Mais au fait, doit-on dire Saigon ou Hô-Chi-Minh-Ville (HCM)? La question se pose. La ville a été débaptisée le 2 Juillet 1976 par le régime communiste de Hanoi pour rendre un hommage posthume au père de la réunification. Ses habitants ont toujours utilisé le nom de Saïgon, et celui-ci apparait sur la plupart des enseignes (sociétés, hotels) ainsi que sur les bus “Saigon-Hanoi”. HCM est employé dans les publications officielles et sur les billets d’avion bien que le code de l’aéroport international soit resté SGN…

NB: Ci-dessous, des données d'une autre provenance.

Definition properly_n_colored (V S : finType) (E : {set {set V}}) (sigma : V -> S)
  (n : nat) : Prop :=
  proper_coloring E sigma /\ (forall s : S, exists x, sigma x = s) /\ #|S| = n.

Definition hub_vertex (V : finType) (E : {set {set V}}) (x : V) : Prop :=
  forall v, v <> x -> adj E x v.

Definition rooted_tree (N : finType) (root : N) (par : N -> N) : Prop :=
  par root = root /\ forall u, exists k, iter k par u = root.

Definition is_child (N : finType) (root : N) (par : N -> N) (u v : N) : bool :=
  (u != root) && (par u == v).

Definition nchildren (N : finType) (root : N) (par : N -> N) (v : N) : nat :=
  #|[set u | is_child root par u v]|.

Definition is_leaf (N : finType) (root : N) (par : N -> N) (v : N) : bool :=
  nchildren root par v == 0.

(* phylogenetic tree on leaf set V: leaves are labelled bijectively by lf;
   every inner vertex other than the root has degree >= 3, i.e. (counting
   its parent edge) at least two children. *)
Definition phylo_tree (V N : finType) (root : N) (par : N -> N) (lf : V -> N) : Prop :=
  [/\ rooted_tree root par,
      injective lf,
      (forall v, is_leaf root par v <-> exists x, lf x = v) &
      (forall v, v <> root -> ~~ is_leaf root par v -> 2 <= nchildren root par v)].

Definition anc (N : finType) (par : N -> N) (u v : N) : Prop :=
  exists k, iter k par u = v.

Definition is_lca (N : finType) (par : N -> N) (a b w : N) : Prop :=
  [/\ anc par a w, anc par b w &
      forall w', anc par a w' -> anc par b w' -> anc par w w'].

Definition best_match (V N S : finType) (par : N -> N) (lf : V -> N) (sigma : V -> S)
  (x y : V) : Prop :=
  sigma x <> sigma y /\
  forall y', sigma y' = sigma y ->
    forall w w', is_lca par (lf x) (lf y) w -> is_lca par (lf x) (lf y') w' ->
      anc par w w'.

Definition reciprocal_best_match (V N S : finType) (par : N -> N) (lf : V -> N)
  (sigma : V -> S) (x y : V) : Prop :=
  best_match par lf sigma x y /\ best_match par lf sigma y x.

Definition is_RBMG (V S : finType) (E : {set {set V}}) (sigma : V -> S) : Prop :=
  proper_coloring E sigma /\
  exists (N : finType) (root : N) (par : N -> N) (lf : V -> N),
    phylo_tree root par lf /\
    forall x y, adj E x y <-> reciprocal_best_match par lf sigma x y.

Definition is_nRBMG (V S : finType) (E : {set {set V}}) (sigma : V -> S) (n : nat) : Prop :=
  is_RBMG E sigma /\ #|[set sigma x | x in V]| = n.

Definition deletion_set (V S : finType) (E : {set {set V}}) (sigma : V -> S) (n : nat)
  (F : {set {set V}}) : Prop :=
  F \subset E /\ is_nRBMG (E :\: F) sigma n.

Definition edit_set (V S : finType) (E : {set {set V}}) (sigma : V -> S) (n : nat)
  (F : {set {set V}}) : Prop :=
  (forall e, e \in F -> #|e| = 2) /\ is_nRBMG ((E :\: F) :|: (F :\: E)) sigma n.

Definition optimal_deletion_set (V S : finType) (E : {set {set V}}) (sigma : V -> S)
  (n : nat) (F : {set {set V}}) : Prop :=
  deletion_set E sigma n F /\
  forall F', deletion_set E sigma n F' -> #|F| <= #|F'|.

Definition optimal_edit_set (V S : finType) (E : {set {set V}}) (sigma : V -> S)
  (n : nat) (F : {set {set V}}) : Prop :=
  edit_set E sigma n F /\
  forall F', edit_set E sigma n F' -> #|F| <= #|F'|.

From mathcomp Require Import all_boot.
From Stdlib Require Import Setoid.
Set Implicit Arguments. Unset Strict Implicit. Unset Printing Implicit Defensive.

(* A hub vertex x is the only vertex of its color, the coloring being proper.  Let F be a
   deletion or edit set and T a tree explaining the corrected graph.  Detach the leaf x and
   hang it directly below a new root placed above the old one, then suppress the inner
   vertices left with a single child.  Last common ancestors of the other leaves compare as
   before, while lca(x, y) is the root for every y; as x is alone in its color class, x
   becomes a reciprocal best match of every other vertex.  Hence removing from F all pairs
   containing x gives again a deletion (resp. edit) set, strictly smaller if F contained
   such a pair, so an optimal F contains none. *)

Lemma iter_fix (T : Type) (f : T -> T) (u : T) k : f u = u -> iter k f u = u.
Proof. by move=> fu; elim: k => //= k ->. Qed.

Section Ancestry.
Variables (N : finType) (par : N -> N).

(* The paper's lca(u, v) <= lca(u, z), phrased without last common ancestors; see
   [lca_orderP]. *)
Definition lca_le (u v z : N) : Prop :=
  forall w, anc par u w -> anc par z w -> anc par v w.

Lemma anc_refl u : anc par u u.
Proof. by exists 0. Qed.

Lemma anc_par u : anc par u (par u).
Proof. by exists 1. Qed.

Lemma anc_trans u v w : anc par u v -> anc par v w -> anc par u w.
Proof. by move=> [k <-] [m <-]; exists (m + k); rewrite iterD. Qed.

Lemma ancP u w : reflect (anc par u w) (fconnect par u w).
Proof.
apply: (iffP idP) => [/iter_findex <-|[k <-]]; first by eexists.
exact: fconnect_iter.
Qed.

Lemma anc_child a u :
  anc par a u -> a != u -> exists v, [/\ par v = u, anc par a v & v != u].
Proof.
move=> [k]; elim: k a => [|k IH] a; first by move=> /= ->; rewrite eqxx.
rewrite iterSr => Hk au; have [pau|pau] := eqVneq (par a) u.
  by exists a; split=> //; exact: anc_refl.
have [v [pv av vu]] := IH _ Hk pau.
by exists v; split=> //; exact: anc_trans (anc_par a) av.
Qed.

Variable r : N.
Hypothesis tree : rooted_tree r par.

Lemma anc_root u : anc par u r.
Proof. by case: tree => _ /(_ u). Qed.

Lemma par_neq u : u != r -> par u != u.
Proof.
move=> ur; apply/eqP => pu; case: tree => _ /(_ u) [k].
by rewrite iter_fix // => uE; rewrite uE eqxx in ur.
Qed.

Lemma lca_exists u v : exists w, is_lca par u v w.
Proof.
have exP : exists k, fconnect par v (iter k par u).
  have [k uk] := anc_root u; exists k; rewrite uk; exact/ancP/anc_root.
case: (ex_minnP exP) => k /ancP vk kmin.
exists (iter k par u); split=> //; first by exists k.
move=> _ [j <-] /ancP /kmin kj.
by exists (j - k); rewrite -iterD subnK.
Qed.

Lemma lca_orderP u v z :
  (forall w w', is_lca par u v w -> is_lca par u z w' -> anc par w w') <->
  lca_le u v z.
Proof.
split=> [le w uw zw | le w w' [_ _ wmin] [uw' zw' _]]; last exact: wmin (le _ uw' zw').
have [w0 lca0] := lca_exists u v; have [w1 lca1] := lca_exists u z.
case: (lca0) => _ vw0 _; case: (lca1) => _ _ w1min.
exact: anc_trans vw0 (anc_trans (le _ _ lca0 lca1) (w1min _ uw zw)).
Qed.

End Ancestry.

La ville est divisée en 12 arrondissements ou quartiers (Quân). Le 1er arrondissement constitue le centre de la ville, et nous nous y rendons pour déposer nos bagages à notre hôtel situé sur Duong Dong Khoi entre le théatre municipal et la rivière.

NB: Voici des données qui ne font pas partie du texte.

(* Let $n,d,c\in\mathbb{N}$ with $d\ge 50$ and $1\le c\le d$, and let $\mathcal{F}\subseteq 2^{[n]}$ be a hereditary family with $\delta(\mathcal{F})\ge 2^{d-1}-c+1$. If $P\subseteq[n]$ is an isolated pile of $\mathcal{F}$, then $\sum_{x\in P}\omega_{\mathcal{F}}(x)\ge \mathfrak{B}_c\, d$.
   Context: A family $\mathcal{F}\subseteq 2^{[n]}$ is hereditary if $F'\subseteq F\in\mathcal{F}$ implies $F'\in\mathcal{F}$. $d_{\mathcal{F}}(x)=|\{F\in\mathcal{F}:x\in F\}|$, $\delta(\mathcal{F})=\min_x d_{\mathcal{F}}(x)$, $N(x)=\bigcup_{x\in F\in\mathcal{F}}F$. The weight of $x$ is $\omega_{\mathcal{F}}(x)=\sum_{x\in F\in\mathcal{F}}\frac{1}{|F|}$. For $1\le c\le d$, $\mathfrak{B}_c=\frac{2^d-c}{d}$ if $1\le c\le d-1$ and $\mathfrak{B}_d=\frac{2^d-d-\frac12}{d}$. A set $P\subseteq[n]$ with $|P|=d$ is a pile of $\mathcal{F}$ if $P\subseteq N(y)$ for every $y\in P$, and there exists $z\in P$ with $N(z)=P$. A pile is isolated if it is disjoint from every other pile of $\mathcal{F}$. *)

From mathcomp Require Import all_boot all_order all_algebra.
Set Implicit Arguments. Unset Strict Implicit. Unset Printing Implicit Defensive.
Import Order.TTheory GRing.Theory Num.Theory.

Definition hereditary n (F : {set {set 'I_n}}) : Prop :=
  forall A B : {set 'I_n}, B \in F -> A \subset B -> A \in F.

Definition degF n (F : {set {set 'I_n}}) (x : 'I_n) : nat :=
  #|[set A in F | x \in A]|.

Definition nbhd n (F : {set {set 'I_n}}) (x : 'I_n) : {set 'I_n} :=
  \bigcup_(A in F | x \in A) A.

Definition weight n (F : {set {set 'I_n}}) (x : 'I_n) : rat :=
  (\sum_(A in F | x \in A) (#|A|%:R)^-1)%R.

Definition frakB (d c : nat) : rat :=
  (if (c < d)%N then ((2 ^ d)%:R - c%:R) / d%:R
   else ((2 ^ d)%:R - d%:R - 2^-1) / d%:R)%R.

Definition is_pile n (F : {set {set 'I_n}}) (d : nat) (P : {set 'I_n}) : Prop :=
  #|P| = d /\ (forall y, y \in P -> P \subset nbhd F y) /\
  exists2 z, z \in P & nbhd F z = P.

Definition isolated_pile n (F : {set {set 'I_n}}) (d : nat) (P : {set 'I_n}) : Prop :=
  is_pile F d P /\
  forall Q, is_pile F d Q -> Q != P -> [disjoint Q & P].

From mathcomp Require Import all_boot all_order all_algebra.
From mathcomp Require Import zify lra.
Set Implicit Arguments. Unset Strict Implicit. Unset Printing Implicit Defensive.
Import Order.TTheory GRing.Theory Num.Theory.

(* Let z be the vertex with N(z) = P and let U be the family of subsets of P that
   are missing from F; U is an up-set inside P because F is hereditary. Counting
   the members of F inside P, the total weight of P is 2^d - 1 - |U| plus the
   "outer weight" that the vertices of P receive from members of F not inside P.
   The degree condition at y ∈ P forces at least t - a(y) outer sets through y,
   where t = |U| + 1 - c is the deficit and a(y) counts the members of U avoiding
   y; at z, which has no outer sets, it gives t <= a(z) <= |U| - a(z) < c. So it
   suffices to show that the outer weight is at least t (t - 1/2 when c = d).
   A vertex with m outer sets has outer weight at least min(m, 2^(K-2))/K:
   either its outer sets all have size at most K, or one of them contains
   2^(K-2) outer sets of size at most K. The up-closure of U, which contains
   P and the sets P - y for every avoided y, shows that only few vertices are
   avoided often; with K about log2 d this yields the bound. *)

Lemma card_sepID (T : finType) (X : {set T}) (p : pred T) :
  #|[set x in X | p x]| + #|[set x in X | ~~ p x]| = #|X|.
Proof.
rewrite -(cardsID [set x | p x] X).
by congr (_ + _); apply: eq_card => x; rewrite !inE // andbC.
Qed.

Lemma leq_card_in_set (T T' : finType) (f : T -> T') (D : {set T}) (E : {set T'}) :
  {in D &, injective f} -> {in D, forall x, f x \in E} -> #|D| <= #|E|.
Proof.
move=> f_inj fDE; rewrite -(card_in_imset f_inj); apply: subset_leq_card.
by apply/subsetP => _ /imsetP [x xD ->]; apply: fDE.
Qed.

Lemma leq_card_bigcup (I T : finType) (D : {set I}) (G : I -> {set T}) :
  #|\bigcup_(i in D) G i| <= \sum_(i in D) #|G i|.
Proof.
elim/big_rec2: _ => [|i A m _ IH]; first by rewrite cards0.
by apply: leq_trans (leq_card_setU _ _) _; rewrite leq_add2l.
Qed.

Lemma exists_subset_card (T : finType) (A : {set T}) k :
  k <= #|A| -> exists2 B : {set T}, B \subset A & #|B| = k.
Proof.
move=> /card_geqP [s [s_uniq s_size sA]].
exists [set x in s]; first by apply/subsetP => x; rewrite inE; apply: sA.
by rewrite cardsE (card_uniqP s_uniq).
Qed.

Lemma setDDK (T : finType) (P A : {set T}) : A \subset P -> P :\: (P :\: A) = A.
Proof. by rewrite setDDr setDv set0U => /setIidPr. Qed.

Lemma ler_card_mul_sum (R : numDomainType) (I : finType) (D : {set I}) (f : I -> R) b :
  {in D, forall i, b <= f i}%R -> (#|D|%:R * b <= \sum_(i in D) f i)%R.
Proof.
move=> le_bf; rewrite -sum1_card natr_sum mulr_suml.
by apply: ler_sum => i iD; rewrite mul1r le_bf.
Qed.

Lemma ler_sum_subset (R : numDomainType) (I : finType) (A B : {set I}) (f : I -> R) :
  A \subset B -> {in B, forall i, 0 <= f i}%R ->
  (\sum_(i in A) f i <= \sum_(i in B) f i)%R.
Proof.
move=> AB f_ge0; rewrite [leRHS](big_setID A) /= (setIidPr AB) lerDl.
by apply: sumr_ge0 => i; rewrite inE => /andP[_ /f_ge0].
Qed.

Lemma ler_nat_ratio (R : numFieldType) (q m K b : nat) :
  0 < K -> K * b <= q * m -> (b%:R <= q%:R * m%:R / K%:R :> R)%R.
Proof.
by move=> K_gt0 le_bqm; rewrite ler_pdivlMr ?ltr0n // -!natrM ler_nat mulnC.
Qed.

Lemma ler_natB (R : numDomainType) m n : (m%:R - n%:R <= (m - n)%:R :> R)%R.
Proof.
have [n_le_m | m_lt_n] := leqP n m; first by rewrite natrB.
by rewrite (_ : m - n = 0) ?subr_le0 ?ler_nat ?(ltnW m_lt_n) //; lia.
Qed.

Lemma exists_log_scale d : 50 <= d ->
  exists K, [/\ 3 <= K, d <= 2 ^ (K - 2) & 4 * K <= d + 3].
Proof.
move=> d_ge50; exists (trunc_log 2 d + 3).
have d_lt := trunc_log_ltn d (isT : 1 < 2).
have d_ge := trunc_logP (isT : 1 < 2) (leq_trans (isT : 0 < 50) d_ge50).
move: (trunc_log 2 d) d_lt d_ge => k d_lt d_ge.
have -> : k + 3 - 2 = k.+1 by lia.
split; [lia | exact: ltnW |].
have [k_le10 | k_gt10] := leqP k 10; first lia.
suff : 4 * k + 9 <= 2 ^ k by lia.
elim: k k_gt10 {d_lt d_ge} => // k IH; rewrite ltnS leq_eqVlt => /orP[/eqP <- // | /IH].
by rewrite expnS; have := ltn_expl k (isT : 1 < 2); lia.
Qed.

(** * Up-sets inside a ground set *)

Definition sets_with (T : finType) (U : {set {set T}}) (x : T) := [set S in U | x \in S].
Definition sets_without (T : finType) (U : {set {set T}}) (x : T) :=
  [set S in U | x \notin S].
Definition avoid_num (T : finType) (U : {set {set T}}) (x : T) := #|sets_without U x|.

Definition codim2 (T : finType) (P : {set T}) (U : {set {set T}}) z :=
  [set S in sets_with U z | #|P :\: S| == 2].
Definition rarely_avoided (T : finType) (P : {set T}) (U : {set {set T}}) z k :=
  [set y in P :\ z | avoid_num U y <= k].
Definition often_avoided (T : finType) (P : {set T}) (U : {set {set T}}) z k :=
  [set y in P :\ z | k < avoid_num U y].

Section Families.

Variables (T : finType) (P : {set T}) (U : {set {set T}}).

Lemma card_with_add_avoid_num x : #|sets_with U x| + avoid_num U x = #|U|.
Proof. exact: card_sepID. Qed.

Lemma avoid_num_split z y :
  avoid_num U y = avoid_num (sets_with U z) y + avoid_num (sets_without U z) y.
Proof.
rewrite /avoid_num -(card_sepID (sets_without U y) (fun S => z \in S)).
by congr (_ + _); apply: eq_card => S; rewrite !inE;
  case: (S \in U); case: (y \in S); case: (z \in S).
Qed.

Lemma avoid_num_le_card_with x :
  {in U, forall S, x |: S \in U} -> avoid_num U x <= #|sets_with U x|.
Proof.
move=> U_stable; apply: (@leq_card_in_set _ _ (fun S => x |: S)).
  move=> S1 S2; rewrite !inE => /andP[_ xS1] /andP[_ xS2] eqS.
  by rewrite -(setU1K xS1) eqS setU1K.
by move=> S; rewrite !inE => /andP[/U_stable -> _]; rewrite eqxx.
Qed.

Lemma card_rarely_add_often_avoided z k : z \in P ->
  #|rarely_avoided P U z k| + #|often_avoided P U z k| + 1 = #|P|.
Proof.
move=> zP; rewrite (cardsD1 z P) zP addn1 add1n; congr _.+1.
rewrite -(card_sepID (P :\ z) (fun y => avoid_num U y <= k)).
by congr (_ + _); apply: eq_card => y; rewrite !inE -ltnNge.
Qed.

Lemma card_rarely_avoided_mono z k k' : k <= k' ->
  #|rarely_avoided P U z k| <= #|rarely_avoided P U z k'|.
Proof.
move=> le_kk'; apply/subset_leq_card/subsetP => y; rewrite !inE.
by case/andP=> -> /leq_trans->.
Qed.

End Families.

Section UpSet.

Variables (T : finType) (P : {set T}) (U : {set {set T}}).
Hypothesis U_sub : forall S, S \in U -> S \subset P.
Hypothesis U_up :
  forall S S' : {set T}, S \in U -> S \subset S' -> S' \subset P -> S' \in U.

Lemma setU1_up x S : x \in P -> S \in U -> x |: S \in U.
Proof.
move=> xP SU; have S_sub := U_sub SU.
by apply: U_up SU (subsetUr _ _) _; rewrite subUset sub1set xP.
Qed.

Lemma setD1_up y : 0 < avoid_num U y -> P :\ y \in U.
Proof.
move=> /card_gt0P [S]; rewrite inE => /andP[SU yS]; have S_sub := U_sub SU.
by apply: U_up SU _ (subD1set _ _); rewrite subsetD1 S_sub.
Qed.

Lemma avoid_num_le_card_with_up z : z \in P -> avoid_num U z <= #|sets_with U z|.
Proof. by move=> zP; apply: avoid_num_le_card_with => S; apply: setU1_up. Qed.

Lemma avoid_num_without_le z y : z \in P -> y != z ->
  avoid_num (sets_without U z) y <= avoid_num (sets_with U z) y.
Proof.
move=> zP yz.
have stable : {in sets_without U y, forall S, z |: S \in sets_without U y}.
  move=> S; rewrite !inE => /andP[SU yS].
  by rewrite setU1_up // negb_or yS andbT.
have := avoid_num_le_card_with stable.
by rewrite /avoid_num; congr (_ <= _); apply: eq_card => S; rewrite !inE;
  case: (S \in U); case: (y \in S); case: (z \in S).
Qed.

Lemma card_often_avoided1_le z : z \in P ->
  #|often_avoided P U z 1| <=
  #|often_avoided P (sets_with U z) z 1| + #|often_avoided P (sets_without U z) z 0|.
Proof.
move=> zP; apply: leq_trans (leq_card_setU _ _); apply/subset_leq_card/subsetP => y.
rewrite !inE => /andP[/andP[yz yP] a_gt1]; rewrite yz yP /=.
have a0_le := avoid_num_without_le zP yz; rewrite (avoid_num_split U z y) in a_gt1.
by case: ltnP => //= az_le1; lia.
Qed.

Lemma rarely_avoided_with_sub z k : z \in P ->
  rarely_avoided P (sets_with U z) z k \subset rarely_avoided P U z (2 * k).
Proof.
move=> zP; apply/subsetP => y; rewrite !inE => /andP[/andP[yz yP] az_le].
rewrite yz yP (avoid_num_split U z y) /=; have := avoid_num_without_le zP yz; lia.
Qed.

Lemma card_often_avoided_add_codim2_lt z : P \in U -> z \in P ->
  #|often_avoided P U z 0| + #|codim2 P U z| < #|sets_with U z|.
Proof.
(* P, the sets P :\ y for avoided y, and the members of codimension 2 are
   distinct members of U containing z. *)
move=> PU zP; set X := often_avoided P U z 0; set W := sets_with U z.
have codim_setD1 y : y \in P -> #|P :\: (P :\ y)| = 1.
  by move=> yP; rewrite setDDK ?cards1 ?sub1set.
have low_ge : 1 + #|X| <= #|[set S in W | #|P :\: S| <= 1]|.
  have <- : #|P |: [set P :\ y | y in X]| = 1 + #|X|.
    have P_new : P \notin [set P :\ y | y in X].
      apply/imsetP => -[y]; rewrite !inE => /andP[/andP[_ yP] _].
      by move/setP/(_ y); rewrite !inE eqxx yP.
    rewrite cardsU1 P_new card_in_imset // => y1 y2.
    rewrite !inE => /andP[/andP[_ y1P] _] /andP[/andP[_ y2P] _] eqP.
    by apply: set1_inj; rewrite -(@setDDK _ P [set y1]) ?sub1set // eqP setDDK ?sub1set.
  apply: subset_leq_card; rewrite subUset sub1set !inE PU zP setDv cards0 /=.
  apply/subsetP => _ /imsetP[y + ->]; rewrite !inE => /andP[/andP[yz yP] ay].
  by rewrite setD1_up // codim_setD1 // eq_sym yz zP.
have high_ge : #|codim2 P U z| <= #|[set S in W | ~~ (#|P :\: S| <= 1)]|.
  apply/subset_leq_card/subsetP => S; rewrite !inE.
  by case/andP=> -> /eqP ->.
have := card_sepID W (fun S => #|P :\: S| <= 1); lia.
Qed.

Lemma codim2_of_proper z y S : y \in P -> S \in sets_with U z -> S \proper P :\ y ->
  exists2 S', S' \in codim2 P U z & y \in P :\: S'.
Proof.
move=> yP; rewrite inE => /andP[SU zS] /properP[S_sub [q]].
rewrite !inE => /andP[qy qP] qS.
have yq_sub : [set y; q] \subset P by rewrite subUset !sub1set yP qP.
exists (P :\: [set y; q]); last by rewrite setDDK // !inE eqxx.
have S_sub' : S \subset P :\: [set y; q].
  apply/subsetP => x xS; have := subsetP S_sub x xS; rewrite !inE => /andP[xy ->].
  by rewrite andbT negb_or xy; apply: contraNneq qS => <-.
rewrite !inE setDDK // cards2 (eq_sym y) qy (U_up SU S_sub' (subsetDl _ _)) andbT.
by have := subsetP S_sub' z zS; rewrite !inE.
Qed.

Lemma card_often_avoided_with_le z : z \in P ->
  #|often_avoided P (sets_with U z) z 1| <= 2 * #|codim2 P U z|.
Proof.
(* Each such y misses some member of codimension 2, which misses only two points. *)
move=> zP.
have covered : often_avoided P (sets_with U z) z 1 \subset
    \bigcup_(S in codim2 P U z) (P :\: S).
  apply/subsetP => y; rewrite !inE => /andP[/andP[_ yP]].
  move=> /card_gt1P[S1 [S2 [S1y S2y S12]]].
  have [S SW SPy] : exists2 S, S \in sets_without (sets_with U z) y & S != P :\ y.
    case: (eqVneq S1 (P :\ y)) => [S1e | ]; last by exists S1.
    by exists S2; rewrite // -S1e eq_sym.
  move: SW; rewrite [S \in sets_without _ _]inE => /andP[SW yS].
  have S_proper : S \proper P :\ y.
    move: SW; rewrite inE => /andP[SU _].
    by rewrite properEneq SPy subsetD1 U_sub.
  have [S' S'c yS'] := codim2_of_proper yP SW S_proper.
  by apply/bigcupP; exists S'.
apply: leq_trans (subset_leq_card covered) _.
apply: leq_trans (leq_card_bigcup _ _) _.
rewrite mulnC -sum_nat_const; apply: leq_sum => S.
by rewrite inE => /andP[_ /eqP ->].
Qed.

Dès notre arrivée, nous percevons une ambiance différente de l’atmosphère surannée de Hanoï. Hô-Chi-Minh-Ville, que tout le monde ou presque appelle Saïgon semble saisie d’une frénésie économique, d’un bouillonnement et de changement à grande vitesse, sans doute pour oublier les années de blocus communiste de 1975 à 1991. Il faut dire que de part sa situation, 60% du commerce transite par Saïgon qui est devenu le 1er port pour toute la région Vietnam-Cambodge-Laos.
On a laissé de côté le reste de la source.